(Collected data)
====

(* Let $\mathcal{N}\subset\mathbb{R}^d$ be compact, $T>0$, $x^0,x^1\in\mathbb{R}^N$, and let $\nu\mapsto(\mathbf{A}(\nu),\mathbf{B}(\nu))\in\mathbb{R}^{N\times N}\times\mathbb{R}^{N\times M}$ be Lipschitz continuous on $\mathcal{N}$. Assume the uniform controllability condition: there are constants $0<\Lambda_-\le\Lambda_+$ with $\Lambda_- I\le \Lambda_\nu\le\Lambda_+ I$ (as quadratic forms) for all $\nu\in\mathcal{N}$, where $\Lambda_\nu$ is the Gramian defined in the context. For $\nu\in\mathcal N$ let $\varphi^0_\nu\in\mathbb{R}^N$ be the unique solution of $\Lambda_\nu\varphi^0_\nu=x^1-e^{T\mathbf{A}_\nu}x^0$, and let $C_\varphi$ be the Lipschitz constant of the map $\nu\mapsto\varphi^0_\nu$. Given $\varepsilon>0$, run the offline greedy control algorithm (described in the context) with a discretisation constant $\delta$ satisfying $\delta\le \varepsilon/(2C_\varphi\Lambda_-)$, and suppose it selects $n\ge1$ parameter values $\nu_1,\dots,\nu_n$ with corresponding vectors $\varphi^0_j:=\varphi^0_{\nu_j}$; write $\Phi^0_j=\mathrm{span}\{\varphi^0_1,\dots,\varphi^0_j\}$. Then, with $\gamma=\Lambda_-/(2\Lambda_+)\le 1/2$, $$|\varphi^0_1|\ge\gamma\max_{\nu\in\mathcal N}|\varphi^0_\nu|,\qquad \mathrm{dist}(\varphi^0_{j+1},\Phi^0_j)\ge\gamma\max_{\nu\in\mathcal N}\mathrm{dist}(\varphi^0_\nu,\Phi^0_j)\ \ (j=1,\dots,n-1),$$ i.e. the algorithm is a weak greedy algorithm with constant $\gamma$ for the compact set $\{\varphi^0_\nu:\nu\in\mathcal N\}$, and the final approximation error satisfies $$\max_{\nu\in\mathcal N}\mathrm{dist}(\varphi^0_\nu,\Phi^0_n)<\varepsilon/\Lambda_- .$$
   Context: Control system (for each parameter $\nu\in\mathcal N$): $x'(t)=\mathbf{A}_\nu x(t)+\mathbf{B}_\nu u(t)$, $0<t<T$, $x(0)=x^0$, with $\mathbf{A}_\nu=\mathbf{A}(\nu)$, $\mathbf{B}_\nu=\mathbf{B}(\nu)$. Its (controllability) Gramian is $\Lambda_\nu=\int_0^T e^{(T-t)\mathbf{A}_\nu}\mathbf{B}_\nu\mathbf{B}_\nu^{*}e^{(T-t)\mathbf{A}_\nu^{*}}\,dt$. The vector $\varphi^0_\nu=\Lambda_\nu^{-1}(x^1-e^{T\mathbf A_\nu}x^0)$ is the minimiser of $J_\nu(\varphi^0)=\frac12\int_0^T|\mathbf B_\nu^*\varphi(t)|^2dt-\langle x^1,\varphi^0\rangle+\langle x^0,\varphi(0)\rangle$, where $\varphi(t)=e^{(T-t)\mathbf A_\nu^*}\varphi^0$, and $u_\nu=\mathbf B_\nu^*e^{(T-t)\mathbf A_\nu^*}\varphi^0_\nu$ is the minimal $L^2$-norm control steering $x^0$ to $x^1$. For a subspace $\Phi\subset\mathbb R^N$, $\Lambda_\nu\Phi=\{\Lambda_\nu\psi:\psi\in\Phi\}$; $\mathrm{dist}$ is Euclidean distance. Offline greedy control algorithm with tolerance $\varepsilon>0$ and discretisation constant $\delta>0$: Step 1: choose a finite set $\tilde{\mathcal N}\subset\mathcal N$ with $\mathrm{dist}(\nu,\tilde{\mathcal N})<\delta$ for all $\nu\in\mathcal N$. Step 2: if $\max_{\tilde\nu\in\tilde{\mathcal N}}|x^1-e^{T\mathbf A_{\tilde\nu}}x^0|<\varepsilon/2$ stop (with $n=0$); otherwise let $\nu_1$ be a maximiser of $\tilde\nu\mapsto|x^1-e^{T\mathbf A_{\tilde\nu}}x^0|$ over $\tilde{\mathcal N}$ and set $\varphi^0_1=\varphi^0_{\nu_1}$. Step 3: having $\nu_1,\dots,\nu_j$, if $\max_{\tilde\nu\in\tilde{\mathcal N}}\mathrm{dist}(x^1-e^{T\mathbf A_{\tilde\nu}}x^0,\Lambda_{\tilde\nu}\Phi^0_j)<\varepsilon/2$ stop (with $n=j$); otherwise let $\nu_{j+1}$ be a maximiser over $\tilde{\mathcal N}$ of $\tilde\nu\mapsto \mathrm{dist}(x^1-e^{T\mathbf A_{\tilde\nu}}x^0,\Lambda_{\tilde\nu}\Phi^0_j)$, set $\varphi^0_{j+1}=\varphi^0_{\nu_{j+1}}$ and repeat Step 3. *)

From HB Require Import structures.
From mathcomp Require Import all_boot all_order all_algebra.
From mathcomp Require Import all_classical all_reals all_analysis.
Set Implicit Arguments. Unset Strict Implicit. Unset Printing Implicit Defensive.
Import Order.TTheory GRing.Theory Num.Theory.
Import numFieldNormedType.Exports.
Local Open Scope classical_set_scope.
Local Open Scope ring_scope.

====

> [Problem description] Copy out each line of the records above that includes "From".

> [Exercise output]
From HB Require Import structures.
From mathcomp Require Import all_boot all_order all_algebra.
From mathcomp Require Import all_classical all_reals all_analysis.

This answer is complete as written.